══ Source data ══

Lemma vol_frac_setC_thin (R : realType) m S :
  (0 < n)%N -> (0 < m)%N -> thin G m S -> 1 - m%:R^-1 <= vol_frac R G (~: S).
Proof.
move=> n_gt0 m_gt0 /forallP S_thin.
have volS : (m * vol G S <= vol G [set: 'I_n])%N.
  rewrite vol_nbhd_setI big_distrr vol_nbhd_setI /=.
  by apply: leq_sum => u _; rewrite finset.setIT ltnW.
have vol_gt0 : (0 < vol G [set: 'I_n])%N.
  rewrite (vol_nbhd_setI [set: _]) (bigD1 (Ordinal n_gt0)) //= finset.setIT.
  by rewrite (leq_trans _ (leq_addr _ _)) // (leq_ltn_trans _ (S_thin _)).
move: volS vol_gt0; rewrite /vol_frac -(vol_setC S) natrD.
set a := vol G S; set b := vol G (~: S) => volS ab_gt0.
have ab_pos : 0 < a%:R + b%:R :> R by rewrite -natrD ltr0n.
have a_le : a%:R <= m%:R^-1 * (a%:R + b%:R) :> R.
  by rewrite mulrC ler_pdivlMr ?ltr0n // mulrC -natrD -natrM ler_nat.
by rewrite ler_pdivlMr // mulrBl mul1r; lra.
Qed.

End Volume.

Section Asymptotics.
Variable R : realType.

Lemma eventually_exprn_le (rho r : R) :
  0 <= rho < 1 -> 0 < r -> exists H : nat, forall k, (H < k)%N -> rho ^+ k <= r.
Proof.
move=> /andP[rho_ge0 rho_lt1] r_gt0.
have : `|rho| < 1 by rewrite ger0_norm.
move=> /cvg_expr /cvgr0_norm_le /(_ r r_gt0) [H _ rho_small].
by exists H => k Hk; apply: le_trans (rho_small k (ltnW Hk)); exact: ler_norm.
Qed.

Lemma eventually_majority_rate_le (s r : R) :
  0 < s < 2^-1 -> 0 < r -> exists H : nat, forall k, (H < k)%N -> majority_rate s ^+ k <= r.
Proof.
move=> /andP[s_gt0 s_lt] r_gt0; apply: eventually_exprn_le r_gt0.
by rewrite /majority_rate; apply/andP; split; nra.
Qed.

Lemma eventually_invn_le (eps : R) :
  0 < eps -> exists N : nat, forall n, (N <= n)%N -> n%:R^-1 <= eps.
Proof.
move=> eps_gt0; exists (Num.Def.archi_bound eps^-1) => n Nn.
have n_gt : eps^-1 < n%:R.
  apply: lt_le_trans (archi_boundP _) _; first by rewrite invr_ge0 ltW.
  by rewrite ler_nat.
have n_pos : 0 < n%:R :> R by apply: le_lt_trans n_gt; rewrite invr_ge0 ltW.
by rewrite -[leRHS]invrK lef_pV2 ?posrE ?invr_gt0 // ltW.
Qed.

Lemma exists_invn_le (c : R) : 0 < c -> exists2 m : nat, (0 < m)%N & m%:R^-1 <= c.
Proof. by move=> /eventually_invn_le[N small]; exists N.+1 => //; exact: small. Qed.
(* For every $N\ge1$ and every $f\in H_N^{\mathrm{sip}}$ one has $\mathcal E_N(f)\ge\mathcal R_N(f)$, where $\mathcal E_N$ and $\mathcal R_N$ are the Dirichlet forms described in the context.
   Context: Fix $\gamma>0$ and $p:\mathbb R\to[0,\infty)$ symmetric, finite range $R$, $p(0)=0$. $p_N(r)=p(Nr)$, $A_N=\frac1N\{-R,\dots,R\}\setminus\{0\}$, $A_N^+=\{|r|:r\in A_N\}$. $\mu_N$ gives mass $\frac1N$ to each point of $\frac1N\mathbb Z$, $\nu_{\gamma,N}=\mu_N+\sqrt2\gamma\delta_0$, $H_N^{\mathrm{sip}}=L^2(\frac1N\mathbb Z,\nu_{\gamma,N})$. $\mathcal E_N(f)=-\sum_{w\in\frac1N\mathbb Z}f(w)\sum_{r\in A_N}2p_N(r)\big(\frac{N^2}2+\frac{N^3\gamma}{\sqrt2}\mathbf 1_{\{r=-w\}}\big)(f(w+r)-f(w))\,\nu_{\gamma,N}(w)$ (the Dirichlet form of the rescaled SIP difference process). $\mathcal R_N(f)=-\sum_{v\in\frac1N\mathbb Z}f(v)\,\Delta_Nf(v)\,\mu_N(v)$ with $\Delta_Ng(v)=N^2\sum_{r\in A_N^+}p_N(r)[g(v+r)-2g(v)+g(v-r)]$ (the Dirichlet form of the diffusively rescaled random walk). *)

From Stdlib Require Import Reals List ZArith Lra.
From Coquelicot Require Import Coquelicot.
Open Scope R_scope.

Definition zsum (u : Z -> R) : R :=
  Series (fun n : nat => u (Z.of_nat n)) + Series (fun n : nat => u (- Z.of_nat n - 1)%Z).

Definition ex_zsum (u : Z -> R) : Prop :=
  ex_series (fun n : nat => u (Z.of_nat n)) /\ ex_series (fun n : nat => u (- Z.of_nat n - 1)%Z).

Definition lsum (l : list Z) (F : Z -> R) : R := fold_right (fun j acc => F j + acc) 0 l.
Lemma ends_are_roots : exists r, ux = inr r /\ uy = inr (~~ r).
Proof.
have ux_root c' x0 : ux <> inl (c', x0).
  move=> ex; have ec := ux_half ex; subst c' ux.
  have := @low_image_card [set w | F0 x0 w].
  have [+ _] := hI x0; move: #|[set w | F0 x0 w]| => d ? lb.
  suff : k <= d + 2 by lia.
  apply: lb => v /g_low[+ _] w gv; rewrite gv Fdag_tour_arc_ll eqxx inE.
  by case: (c) => //=; rewrite orbF.
have uy_root c' y0 : uy <> inl (c', y0).
  move=> ey; have ec := uy_half ey; subst c' uy.
  have := @low_image_card [set w | F0 w y0].
  have [_ +] := hI y0; move: #|[set w | F0 w y0]| => d ? lb.
  suff : k <= d + 2 by lia.
  apply: lb => v /g_low[_ +] w gv; rewrite gv Fdag_tour_arc_ll eqxx inE.
  by case: (c) => //=; rewrite orbF.
have [rx ex] : exists rx, ux = inr rx.
  by case: ux ux_root => [[c' x0] /(_ c' x0)|rx _] //; exists rx.
have [ry ey] : exists ry, uy = inr ry.
  by case: uy uy_root => [[c' y0] /(_ c' y0)|ry _] //; exists ry.
exists rx; rewrite ex ey; split => //; congr inr.
have [] := @g_low (Ordinal m_gt0) ltac:(rewrite /=; lia); rewrite ex ey; clear ex ey.
case: (g _) => [[c' w]|r]; rewrite ?Fdag_tour_arc_rl ?Fdag_tour_arc_lr ?Fdag_tour_arc_rr.
  by case: rx ry c' => [] [] [] //=; lia.
by case: rx ry r => [] [] [].
Qed.

Lemma block_images_nonroot v : exists w, g v = inl (c, w).
Proof.
have [rx [ex ey]] := ends_are_roots.
case eg: (g v) => [[c' w]|r]; first by exists w; rewrite (g_half eg).
have [/g_low|/g_high] := ltnP v k; rewrite ex ey eg !Fdag_tour_arc_rr;
  by case: (rx); case: (r); case.
Qed.

Lemma block_threshold : ux = inr c /\ k = K.
Proof.
have [rx [ex ey]] := ends_are_roots.
pose h v := if g v is inl (_, w) then w else v.
have gh v : g v = inl (c, h v) by rewrite /h; have [w ->] := block_images_nonroot v.
have h_inj : {in [set: 'I_m] &, injective h} by move=> u v _ _ huv; apply: g_inj; rewrite !gh huv.
have h_low (v : 'I_m) : v < k -> if rx == c then h v < K else K <= h v.
  by case/g_low; rewrite ex gh Fdag_tour_arc_rl.
have h_high (v : 'I_m) : k <= v -> if rx == c then K <= h v else h v < K.
  by case/g_high; rewrite ey gh Fdag_tour_arc_rl; case: (rx); case: (c).
have maps (A B : {set 'I_m}) : {in A, forall v, h v \in B} -> #|A| <= #|B|.
  by apply: (@leq_card_in_maps _ _ _ _ h) => u v _ _; exact: h_inj.
move: h_low h_high; case: eqP => [erc|_] h_low h_high.
  have le_low : #|[set v : 'I_m | v < k]| <= #|[set w : 'I_m | w < K]|.
    by apply: maps => v; rewrite !inE => /h_low.
  have le_high : #|[set v : 'I_m | k <= v]| <= #|[set w : 'I_m | K <= w]|.
    by apply: maps => v; rewrite !inE => /h_high.
  split; first by rewrite ex erc.
  by move: le_low le_high; rewrite ?card_ord_lt ?card_ord_ge; lia.
have : #|[set v : 'I_m | v < k]| <= #|[set w : 'I_m | K <= w]|.
  by apply: maps => v; rewrite !inE => /h_low.
by rewrite ?card_ord_lt ?card_ord_ge; lia.
Qed.

Lemma block_rigidity :
  [/\ ux = inr c, uy = inr (~~ c), k = K & forall v, exists w, g v = inl (c, w)].
Proof.
have [rx [erx ey]] := ends_are_roots; have [ex ekK] := block_threshold.
have erc : rx = c by move: erx; rewrite ex => -[].
by split => //; [rewrite ey erc | exact: block_images_nonroot].
Qed.

End BlockRigidity.

Definition in_base (n : nat) (G : rel 'I_n) (m : nat) (t : TV G m) : bool :=
  if t is inl _ then true else false.

Section HalfImage.

Variables (n : nat) (G : rel 'I_n) (m : nat) (F0 : rel 'I_m) (K k : nat).
Variables (psi : 'I_m -> TV G m) (X Y : TV G m).
Local Notation T := (@Ti_arc n G m F0 K).

Hypotheses (m_large : 80 * 80 <= m) (F0good : F0_good F0).
Hypothesis k_range : 2 * m + 6 < 3 * k /\ 6 * k < 5 * m.
Hypothesis psi_hom : forall u v, F0 u v -> T (psi u) (psi v).
Hypothesis psi_low : forall v : 'I_m, v < k -> T X (psi v) /\ T (psi v) Y.
Hypothesis psi_high : forall v : 'I_m, k <= v -> T Y (psi v) /\ T (psi v) X.

(* T_0 is transitive, so F_0 restricted to the preimage of [n] is acyclic and (III) fails. *)
Lemma base_preimage_small :
  ~~ ((2 * m - 13 * #|[set v | in_base (psi v)]|) ^ 2 <= 169 * m).
Proof.
case: F0good => _ _ _ _ hIII; apply/negP => /hIII[c [c_gt0 _ cP cyc]].
pose f v := if psi v is inl a then nat_of_ord a else 0.
have : ~~ cycle F0 c.
  apply: (@cycle_potential_increasing _ _ f (mem [set v | in_base (psi v)])) => //.
    move=> u v; rewrite !inE /f => + + /psi_hom.
    by case: (psi u) => // a; case: (psi v) => // b _ _ /Ti_arc_inl.
  by apply/allP => v /cP.
by rewrite cyc.
Qed.

Lemma large_block : exists e c (B : {set 'I_m}),
  6 * #|~: B| < m /\ {in B, forall v, exists w, psi v = inr (e, c, w)}.
Proof.
case: F0good => m_gt0 tourF0 _ hII _.
have [s0_gt0 _] := ceil_sqrt_bounds m_gt0.
have P_small := condIII_failure_small m_large base_preimage_small.
set P := [set v | in_base (psi v)] in P_small; set R := ~: P.
have rank_mono : {in R &, forall u v, F0 u v ->
    vertex_rank (psi u) <= vertex_rank (psi v)}.
  move=> u v; rewrite !inE => + + /psi_hom.
  case: (psi u) => // -[[e1 c1] w1]; case: (psi v) => // -[[e2 c2] w2] _ _.
  by case/Ti_arc_rank => [[-> ->] //|/ltnW].
have [t [low high]] := condII_level tourF0 hII s0_gt0 rank_mono.
set Lo := [set v in R | _ < t] in low; set Hi := [set v in R | t < _] in high.
pose B := [set v in R | vertex_rank (psi v) == t].
have B_large : 6 * #|~: B| < m.
  have : ~: B \subset (P :|: Lo) :|: Hi.
    by apply/subsetP => v; rewrite !inE; case: in_base; case: ltngtP.
  move/subset_leq_card; rewrite !cardsU; move: P_small low high.
  by move: #|P| #|Lo| #|Hi| => a l h; lia.
have [v0 v0B] : exists v0, v0 \in B.
  by apply/set0Pn; apply: contraTneq B_large => ->; rewrite setC0 cardsT card_ord; lia.
move: (v0B); rewrite !inE; case ev0: (psi v0) => [//|[[e c] w0]] /= /eqP rank_v0.
exists e, c, B; split => // v; rewrite !inE.
case: (psi v) => // -[[e' c'] w] /= /eqP rank_v.
by case: (block_rank_inj (etrans rank_v (esym rank_v0))) => -> ->; exists w.
Qed.

Lemma half_in_block : exists e c,
  [/\ forall v, in_block e c (psi v), in_block e c X & in_block e c Y].
Proof.
case: F0good => _ tourF0 hI _ _.
have [e [c [B [B_large inB]]]] := large_block.
have meetB (A : {set 'I_m}) :
    #|~: B| < #|A| -> exists v, [/\ v \in A & exists w, psi v = inr (e, c, w)].
  by case/meet_of_card_setC_lt => v vA /inB; exists v.
have [vs [+ [ws evs]]] := meetB [set v : 'I_m | v < k] ltac:(rewrite card_ord_lt; lia).
have [vl [+ [wl evl]]] := meetB [set v : 'I_m | k <= v] ltac:(rewrite card_ord_ge; lia).
rewrite !inE => /psi_high[Y_vl vl_X] /psi_low[X_vs vs_Y].
rewrite evs in X_vs vs_Y; rewrite evl in Y_vl vl_X.
exists e, c; split; [move=> u | exact: in_block_between X_vs vl_X |
                             exact: in_block_between Y_vl vs_Y].
have [[v1 /psi_hom hout /inB[w1 ev1]] [v2 /psi_hom hin /inB[w2 ev2]]] :=
  tournament_neighbours_in tourF0 hI u ltac:(lia) B_large.
by rewrite ev1 in hout; rewrite ev2 in hin; exact: in_block_between hout hin.
Qed.
(* Let $\theta:H\to H$ be an endomorphism. Then: (1) every $\theta$-maximal hyperideal of $H$ is an $n$-ary Endo-prime hyperideal associated with $\theta$; (2) if $E$ is a hyperideal of $H$ such that $rad(E)$ is a $\theta$-maximal hyperideal, then $E$ is an $n$-ary Endo-primary hyperideal associated with $\theta$.
   Context: Throughout, $(H,h,k)$ is a commutative Krasner $(m,n)$-hyperring with scalar identity $1_H$: $(H,h)$ is a canonical $m$-ary hypergroup (a commutative associative $m$-ary hyperoperation $h:H^m\to\mathcal P^*(H)$ with a unique zero $0$ such that $h(u,0^{(m-1)})=\{u\}$, unique inverses, reversibility), $k:H^n\to H$ is a commutative associative $n$-ary operation distributing over $h$ in each argument, $k(0,u_2^n)=0$, and $k(u,1_H^{(n-1)})=u$ for all $u$. Notation: $u_i^j$ denotes $u_i,\dots,u_j$ (empty if $j<i$); $u^{(t)}$ denotes $u$ repeated $t$ times; for $r=l(n-1)+1$, $k_{(l)}(u_1^r)=k(k(\cdots k(k(u_1^n),u_{n+1}^{2n-1})\cdots),u_{r-n+1}^{r})$. A hyperideal is a nonempty $I\subseteq H$ such that $(I,h)$ is an $m$-ary subhypergroup and $k(u_1^{i-1},I,u_{i+1}^n)\subseteq I$ for all $u_j\in H$. An endomorphism is a map $\theta$ with $\theta(h(u_1^m))=h(\theta(u_1),\dots,\theta(u_m))$, $\theta(k(u_1^n))=k(\theta(u_1),\dots,\theta(u_n))$, $\theta(1_H)=1_H$. $rad(E)$ is the set of $u$ with $k(u^{(r)},1_H^{(n-r)})\in E$ for some $r\le n$ or $k_{(l)}(u^{(r)})\in E$ for some $r=l(n-1)+1>n$ (equivalently the intersection of all $n$-ary prime hyperideals containing $E$). A proper hyperideal $M$ is $\theta$-maximal if for every hyperideal $E$ with $M\subseteq E$, either $\theta(E)\subseteq M$ or $E=H$. A proper hyperideal $E$ is an $n$-ary Endo-prime hyperideal associated with $\theta$ if for all $u_1,\dots,u_n\in H$, $k(u_1^n)\in E$ implies that for some $i$, $u_i\in E$ or $\theta\big(k(u_1^{i-1},1_H,u_{i+1}^n)\big)\in E$; it is an $n$-ary Endo-primary hyperideal associated with $\theta$ if $k(u_1^n)\in E$ implies that for some $i$, $u_i\in E$ or $\theta\big(k(u_1^{i-1},1_H,u_{i+1}^n)\big)\in rad(E)$. *)

From Stdlib Require Import List Arith Permutation.
Import ListNotations.
Set Implicit Arguments.
(* Invariants.  F : {mpoly K[N]} is a polynomial in the coefficients;
   F o g is evaluated on X_n(Kbar) = Kbar^N. *)
Section Invariants.
Variables (K : fieldType) (L : fieldType) (iota : {rmorphism K -> L}).
Variable S : gsetting L.

Definition is_Ginv (F : {mpoly K[gs_N S]}) : Prop :=
  forall g : gs_grp S, gs_comm g -> forall a : 'I_(gs_N S) -> L,
    (map_mpoly iota F).@[gs_act g a] = (map_mpoly iota F).@[a].

Definition is_weight_inv (k : nat) (F : {mpoly K[gs_N S]}) : Prop :=
  forall g : gs_grp S, gs_big g -> forall a : 'I_(gs_N S) -> L,
    (map_mpoly iota F).@[gs_act g a] = gs_det g ^+ k * (map_mpoly iota F).@[a].

End Invariants.

Arguments is_Ginv {K L} iota S F.
Arguments is_weight_inv {K L} iota S k F.
Arguments gs_w {L} g _.

(* Let a scalar c act on a model by multiplying each coefficient by c raised to its
   weight.  Every g in calG_n acts as an element h of G_n followed by the scalar action of
   some c with c ^ r = det g, where r = 1, 1, 1, 2, 5: for n = 1, 2 this is read off the
   formulas, for n = 3, 4, 5 one takes roots of the determinants of the matrices.  So a
   G_n-invariant F of weighted degree d satisfies F o g = c ^ d F = (det g) ^ (d / r) F as
   soon as r divides d.  For n = 4, 5 the divisibility comes from diagonal one-parameter
   subgroups h_s of G_n for which s ^ rho (h_s a) is polynomial in s ^ r, with rho prime
   to r: then F(a) s ^ (rho d) is a polynomial in s ^ r, so F = 0 unless r divides d.
   The scalar action normalises G_n, hence the homogeneous components of an invariant are
   invariants, and invariants of distinct weights are independent because det maps calG_n
   onto the units. *)

From Pilot Require Import Defs.
From HB Require Import structures.
From mathcomp Require Import all_boot all_algebra.
From mathcomp Require Import mpoly.
From mathcomp Require Import ring.
Definition theta2 (q : K) (z : HT2) : HT2 :=
  \sum_(p <- msupp z) z@_p *: htens (theta q << p.1 >>) (theta q << p.2 >>).
End Algebra.
Arguments in_HSP {K}.
Arguments hdot {K}.
Arguments hdown {K}.
Arguments htens {K}.
Arguments Delta {K}.
Arguments theta {K}.
Arguments theta2 {K}.

From mathcomp Require Import all_boot all_order all_algebra.
From mathcomp Require Import finmap.
From mathcomp.multinomials Require Import monalg.
From mathcomp Require Import zify.
Set Implicit Arguments. Unset Strict Implicit. Unset Printing Implicit Defensive.

(* A topology on [n] is the same thing as a preorder on [n], the opens being its
   up-sets. In these terms T.T' and T \downarrow T' are sums of preorders, Std(T|Y)
   is the restriction of the preorder to Y, and bar T is its restriction to the set
   of least elements of the ~-classes, with c(T) = n - #(classes). Restriction to
   the class minima commutes with sums of preorders and with restriction to
   ~-saturated sets (every open and every closed set is one), and the opens of
   bar T are exactly the traces on the minima of the opens of T. Hence bar is
   compatible with both products and with the coproduct, and c is additive over
   them; everything then extends linearly. Finally theta_q fixes the T0
   topologies, which gives surjectivity. *)

Definition is_preorder (T : Type) (r : rel T) := reflexive r /\ transitive r.

Definition upsets n (r : rel 'I_n) : {set {set 'I_n}} :=
  [set I : {set 'I_n} | [forall a, forall b, ((a \in I) && r a b) ==> (b \in I)]].

Definition top_of_rel n (r : rel 'I_n) : TopT := mkT (upsets r).

Lemma upsetsP n (r : rel 'I_n) (I : {set 'I_n}) :
  reflect (forall a b, a \in I -> r a b -> b \in I) (I \in upsets r).
Proof.
rewrite inE; apply: (iffP forallP) => [H a b aI rab|H a].
  by have /forallP/(_ b)/implyP := H a; apply; rewrite aI.
by apply/forallP=> b; apply/implyP=> /andP[]; apply: H.
Qed.

Lemma upsets_topology n (r : rel 'I_n) : is_topology (upsets r).
Proof.
apply/and4P; split.
- by apply/upsetsP=> a b; rewrite inE.
- by apply/upsetsP=> a b; rewrite !inE.
- apply/forall_inP=> O1 /upsetsP H1; apply/forall_inP=> O2 /upsetsP H2.
  apply/upsetsP=> a b; rewrite !inE => /orP[] aO rab.
    by rewrite (H1 a b).
  by rewrite (H2 a b) ?orbT.
- apply/forall_inP=> O1 /upsetsP H1; apply/forall_inP=> O2 /upsetsP H2.
  by apply/upsetsP=> a b; rewrite !inE => /andP[aO1 aO2] rab; rewrite (H1 a b) // (H2 a b).
Qed.

Lemma opens_mkT n (F : {set {set 'I_n}}) : is_topology F -> opens (mkT F) = F.
Proof.
move=> hF; rewrite /opens /mkT /mk_top /=.
by destruct (boolP (is_topology F)) as [h|h] => //; rewrite hF in h.
Qed.

Lemma opens_top_of_rel n (r : rel 'I_n) : opens (top_of_rel r) = upsets r.
Proof. exact/opens_mkT/upsets_topology. Qed.

Lemma tle_top_of_rel n (r : rel 'I_n) : is_preorder r -> tle (top_of_rel r) =2 r.
Proof.
move=> [rr rt] i j; rewrite /tle opens_top_of_rel.
apply/forall_inP/idP => [H|rij O /upsetsP HO]; last by apply/implyP=> iO; apply: HO rij.
have /H : [set k | r i k] \in upsets r.
  by apply/upsetsP=> a b; rewrite !inE => ria rab; apply: rt rab.
by rewrite !inE rr.
Qed.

═══

Among the records above, repeat exactly the line with "have : #|[set", the line with "Definition in_base (n", and every line in between, and only those.

Result for this task –
have : #|[set v : 'I_m | v < k]| <= #|[set w : 'I_m | K <= w]|.
  by apply: maps => v; rewrite !inE => /h_low.
by rewrite ?card_ord_lt ?card_ord_ge; lia.
Qed.

Lemma block_rigidity :
  [/\ ux = inr c, uy = inr (~~ c), k = K & forall v, exists w, g v = inl (c, w)].
Proof.
have [rx [erx ey]] := ends_are_roots; have [ex ekK] := block_threshold.
have erc : rx = c by move: erx; rewrite ex => -[].
by split => //; [rewrite ey erc | exact: block_images_nonroot].
Qed.

End BlockRigidity.

Definition in_base (n : nat) (G : rel 'I_n) (m : nat) (t : TV G m) : bool :=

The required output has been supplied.